We also need some input:

input :: Text
input = intercalate "\n"
	[ "lira@pc:~$ echo hoihoi!"
	, "hoihoi!"
	, "lira@pc:~$ ghci"
	, "ghci Prelude> 5+5"
	, "10"
	, "ghci Prelude> :m Data.Text"
	, "ghci Prelude Data.Text> 5+5"
	, "10"
	, "ghci Prelude Data.Text> \"test\""
	, "\"test\""
	, "ghci Prelude Data.Text> putStrLn \"test\""
	, "test"
	, "ghci Prelude Data.Text> :q"
	, "Leaving GHCi."
	, "lira@pc:~$ ghci"
	, "ghci Prelude> :q"
	, "Leaving GHCi."
	, "lira@pc:~$ cat test.xml"
	, "<?xml version=\"1.0\" ?>"
	, "<foo xmlns=\"https://[::1]/foo\" xmlns:b=\"https://[::1]/bar\">"
	, "\t<b:bar yes=\"no\" />"
	, "</foo>"
	]
The input REPL

3.2 The entry-point

Our main looks like this: we load the syntax-files, run the highlighter, render it as HTML and finally print it to the console.

main :: IO ()
main = do
	syntaxes <- loadSyntaxes
	let
		output = runHighlighter syntaxes input
		renderedOutput = renderHtml output
	putStrLn renderedOutput
main-function

You might only need the defaultSyntaxMap configuration, but for my blog I need more syntax files. One example is for my article about PDF, where the PDF-syntax does not come pre-installed with Skylighting.

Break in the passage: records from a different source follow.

Lemma goedel_lt_wf (W : woType) : well_founded (@goedel_lt W).
Proof.
  apply (wf_inverse_image _ _ _ (fun p => (wo_max p, p))).
  apply wf_slexprod; [|apply wf_slexprod]; apply wo_wf.
Qed.

Lemma goedel_lt_total (W : woType) (p q : W * W) : p <> q -> goedel_lt p q \/ goedel_lt q p.
Proof.
  intro Hne. unfold goedel_lt.
  destruct (wo_total W (wo_max p) (wo_max q)) as [H|[H|H]];
    [left; now apply left_slex| |right; now apply left_slex].
  rewrite H. destruct p as [a b], q as [a' b'].
  destruct (wo_total W a a') as [Ha|[<-|Ha]];
    [left|destruct (wo_total W b b') as [Hb|[<-|Hb]]; [left|case Hne; reflexivity|right]|right];
    apply right_slex; now constructor.
Qed.

Lemma goedel_lt_bound (W : woType) (p q : W * W) (d : W) :
  goedel_lt q p -> wo_lt (wo_max p) d -> wo_lt (fst q) d /\ wo_lt (snd q) d.
Proof.
  intros Hqp Hd. assert (Hm : wle (wo_max q) (wo_max p)) by (inversion Hqp; unfold wle; auto).
  destruct (wo_max_ge W q) as [H1 H2].
  pose proof (wle_lt_trans _ _ _ _ Hm Hd) as Hq.
  split; eapply wle_lt_trans; eauto.
Qed.

(* Unless a single segment already dominates [P], the Gödel-predecessors of a pair in [P × P]
   lie in some [seg d × seg d ≈ seg d] with [d] in [P], which is smaller than [P]. *)
Lemma le_card_square_down_closed (W : woType) (P : W -> Prop) :
  (forall x y, P y -> wo_lt x y -> P x) -> infinite {x | P x} ->
  (forall a, P a -> infinite (seg a) -> le_card (seg a * seg a) (seg a)) ->
  le_card ({x | P x} * {x | P x}) {x | P x}.
Proof.
  intros Hdown Hinf IH.
  destruct (classic (exists b, P b /\ le_card {x | P x} (seg b))) as [[b [Pb Hb]]|Hlarge].
  - assert (Hbelow : le_card (seg b) {x | P x}) by (apply le_card_sub; eauto).
    apply (le_card_trans _ _ _ (le_card_prod _ _ _ _ Hb Hb)), (le_card_trans _ (seg b)); [|exact Hbelow].
    exact (IH b Pb (le_card_trans _ _ _ Hinf Hb)).
  - assert (Hsmall : forall b, P b -> ~ le_card {x | P x} (seg b)) by eauto.
    pose proof (exists_gt_in_down_closed W P Hdown Hinf Hsmall) as Hgt.
    set (T := {q : W * W | P (fst q) /\ P (snd q)}).
    assert (HT : le_card T {x | P x}).
    { apply (greedy_injection T _ (fun q r => goedel_lt (proj1_sig q) (proj1_sig r))).
      - apply wf_inverse_image, goedel_lt_wf.
      - intros q r Hne. apply goedel_lt_total. intro E. apply Hne, proj1_sig_inj, E.
      - intros [p [P1 P2]] Hp.
        assert (Pm : P (wo_max p)) by (destruct (wo_max_cases W p) as [-> | ->]; assumption).
        destruct (Hgt _ Pm) as [d [Pd Hd]].
        assert (Hpred : le_card {q : T | goedel_lt (proj1_sig q) p} (seg d * seg d)).
        { exists (fun q => let h := goedel_lt_bound W p _ d (proj2_sig q) Hd in
                   (exist (fun x => wo_lt x d) _ (proj1 h), exist (fun x => wo_lt x d) _ (proj2 h))).
          intros [[q ?] ?] [[r ?] ?] E. injection E as E1 E2.
          do 2 apply proj1_sig_inj. simpl. now rewrite (surjective_pairing q), E1, E2, <- surjective_pairing. }
        destruct (infinite_or_Fin (seg d)) as [Hd'|[n Hn]].
        + apply (Hsmall d Pd), (le_card_trans _ _ _ Hp), (le_card_trans _ _ _ Hpred), IH; assumption.
        + apply (Fin_not_infinite (n * n)), (le_card_trans _ _ _ Hinf), (le_card_trans _ _ _ Hp),
            (le_card_trans _ _ _ Hpred), le_card_prod_Fin; assumption. }
    apply (le_card_trans _ T); [|exact HT].
    exists (fun ab => exist (fun q => P (fst q) /\ P (snd q)) (proj1_sig (fst ab), proj1_sig (snd ab))
                       (conj (proj2_sig (fst ab)) (proj2_sig (snd ab)))).
    intros [a b] [a' b'] E. apply (f_equal (@proj1_sig _ _)) in E. injection E as Ea Eb.
    now rewrite (proj1_sig_inj a a' Ea), (proj1_sig_inj b b' Eb).
Qed.
Lemma simplices_succ K k : simplices K k.+1 = kfaces K k.
Proof. by apply/setP => s; rewrite !inE; case: eqP => [->|]; rewrite ?cards0 ?andbF ?orbF. Qed.

Section Skeleton.
Variables (K S : {set {set V}}) (k : nat).
Hypothesis sSK : S \subset kfaces K k.
Let Kc := skeleton_below K k :|: S.

Let card_S s : s \in S -> #|s| = k.+1.
Proof. by move/(subsetP sSK); rewrite inE => /andP[_ /eqP]. Qed.

Lemma simplices_skeletonU : simplices Kc k = simplices K k.
Proof.
apply/setP => s; rewrite !inE; have [card_s|] := eqVneq #|s| k; rewrite ?andbF //.
rewrite card_s leqnn !andbT; have [/card_S|_] := boolP (s \in S); last by rewrite orbF.
by rewrite card_s; lia.
Qed.

Lemma simplices_skeletonU_succ : simplices Kc k.+1 = S.
Proof.
apply/setP => s; rewrite !inE; have [sS|_] := boolP (s \in S).
  by rewrite orbT /= (card_S sS) eqxx.
rewrite orbF; have [card_s|] := eqVneq #|s| k.+1; rewrite ?andbF // card_s ltnn andbF andbT.
by apply/eqP => s0; rewrite s0 cards0 in card_s.
Qed.

Lemma simplices_skeletonU_succ2 : simplices Kc k.+2 = set0.
Proof.
apply/setP => s; rewrite !inE; have [/card_S->|_] := boolP (s \in S).
  by rewrite eqSS (ltn_eqF (ltnSn k)) andbF.
rewrite orbF; have [card_s|] := eqVneq #|s| k.+2; rewrite ?andbF // card_s andbT.
by apply/norP; split; [rewrite ltnNge leqW ?andbF | apply/eqP => s0; rewrite s0 cards0 in card_s].
Qed.

Lemma rbetti_skeletonU :
  rbetti F Kc k = (\dim (lker (bdL F V) :&: Cspace F K k) - \dim (fspan bdchi S))%N.
Proof. by rewrite /rbetti limg_Cspace simplices_skeletonU_succ /Cspace simplices_skeletonU. Qed.

Lemma rbetti_skeletonU_succ : rbetti F Kc k.+1 = (#|S| - \dim (fspan bdchi S))%N.
Proof.
rewrite /rbetti limg_Cspace simplices_skeletonU_succ2 /fspan big_set0 dimv0 subn0.
by rewrite dim_cycles_Cspace simplices_skeletonU_succ.
Qed.

End Skeleton.

Lemma rbetti_kfaces K k : rbetti F K k =
  (\dim (lker (bdL F V) :&: Cspace F K k) - \dim (fspan bdchi (kfaces K k)))%N.
Proof. by rewrite /rbetti limg_Cspace simplices_succ. Qed.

loadSyntaxes :: IO SyntaxMap
loadSyntaxes =  loadSyntaxesFromDir "./syntax/" >>= \case
	Left _ -> pure defaultSyntaxMap
	Right b -> pure $ b `union` defaultSyntaxMap
loadSyntaxes definition

In order to store those syntax files and not have to pass them around as parameters, we will use a MonadReader. We set that up in runHighlighter:

runHighlighter :: SyntaxMap -> Text -> Html
runHighlighter syntaxes code =
	runIdentity (runReaderT (highlightPromptOutput code) syntaxes)
runHighlighter definition

3.3 Using Skylighting

Let's define a function highlight that takes care of all the skylighting configuration. It only needs input and language, and will output our code highlighted:

highlight :: (MonadReader SyntaxMap m) => Text -> Text -> m Html
highlight code language = do
	syntaxes <- ask
	pure $ case lookupSyntax language syntaxes of
		Nothing -> toHtml code
		Just syntax -> case tokenize (tokenizerConfig syntaxes) syntax code of
			Left _ -> toHtml code
			Right sourceLines -> removeCruft sourceLines
	where
		tokenizerConfig :: SyntaxMap -> TokenizerConfig
		tokenizerConfig sm = TokenizerConfig
			{ traceOutput = False
			, syntaxMap = sm
			}
		removeCruft :: [SourceLine] -> Html
		removeCruft sourceLines =
			case formatHtmlInline defaultFormatOpts sourceLines of
				(AddAttribute _ _ _ (Parent _ _ _ subElements)) -> subElements
				o -> o
highlight definition

The removeCruft is only there to get rid of extra HTML that skylighting wraps around the output. If you want to keep that you can leave that part out.

3.4 Parsing with megaparsec

We now have the highlighter we can use for code blocks containing a single language. We want a REPL-session, which has multiple languages. We need to work with parsers as the input has to be static and line-based, instead of how most syntax highlighters work. The parser also has to figure out which language to use.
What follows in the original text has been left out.